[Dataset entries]
═══

Theorem theorem1 (q k l r : nat) (u : nat -> nat)
  (F : nat -> nat -> {ffun 'I_k -> 'I_q} -> {ffun 'I_l -> 'I_q}) (mu : R) :
  (2 <= q)%N -> (3 <= k)%N -> (1 <= l)%N -> (l <= k - 1)%N ->
  (3 <= r)%N -> (r <= k)%N ->
  (forall M : nat, exists N : nat, forall n : nat, (N <= n)%N -> (M <= u n)%N) ->
  (forall eps : R, (0 < eps)%R -> exists N : nat, forall n : nat, (N <= n)%N ->
      (INR (u n) / INR n < eps)%R) ->
  (forall n a : nat, surj_loc (F n a) /\ wise_indep (r - 1) (F n a)) ->
  (0 < mu)%R -> (mu < mu_c k r)%R ->
  exists c : R, (0 < c)%R /\
  exists N : nat, forall n : nat, (N <= n)%N ->
    exists G : {set {ffun 'I_(m_of mu r u n) -> {ffun 'I_k -> 'I_n}}
                    * {ffun 'I_n -> 'I_q}},
      G \subset sample_space q n k (m_of mu r u n) /\
      ((1 - exp (- c * INR (u n))) * INR #|sample_space q n k (m_of mu r u n)|
         <= INR #|G|)%R /\
      (forall w, w \in G ->
         lp_small_zero_opt (u n) (F n) w.1 w.2
           ((1 + / INR (r - 2)) * INR (u n))%R).
Proof.
move=> q2 _ _ _ r3 rk u_unbounded _ F_props mu0 mu_lt.
have [p r_eq] : exists p, r = p.+2 by exists (r - 2)%N; lia.
subst r; rewrite !subSS !subn0.
have u_pos : exists N, forall n, (N <= n)%N -> (0 < u n)%N by exact: u_unbounded 1%N.
have [c [c0 [N tail]]] := large_closure_tail rk r3 mu0 mu_lt u_pos.
exists c; split => //; exists N => n /tail bad_le.
set U := [set i : 'I_n | (i < u n)%N].
exists [set w : {ffun 'I_(m_of mu p.+2 u n) -> {ffun 'I_k -> 'I_n}} * {ffun 'I_n -> 'I_q} |
         [forall a, injectiveb (w.1 a)] &&
               Rlt_dec (INR #|hit_closure p.+1 w.1 U|) ((1 + / INR p) * INR (u n))].
split; [|split].
- by apply/subsetP => w; rewrite !inE => /andP[].
- rewrite /sample_space; move: bad_le.
  exact: (@card_good_pairs _ {ffun 'I_n -> 'I_q}
            (fun t : {ffun 'I_(m_of mu p.+2 u n) -> {ffun 'I_k -> 'I_n}} =>
               [forall a, injectiveb (t a)])
            (fun t => Rlt_dec (INR #|hit_closure p.+1 t U|) ((1 + / INR p) * INR (u n)))).
- move=> w; rewrite inE => /andP[_ /sumboolP small].
  apply: (lp_small_zero_opt_of_closed (r := p.+2)) small => //.
  + by move=> a; have [] := F_props n a.
  + exact: hit_closure_closed.
  + by move=> i i_lt; apply: (subsetP (subset_hit_closure _ _ _)); rewrite inE.
Qed.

═══

PROBLEM TO SOLVE:
Nothing but a number is expected here: the number of lines in the entries that include the word "rewrite".

RESPONSE:
5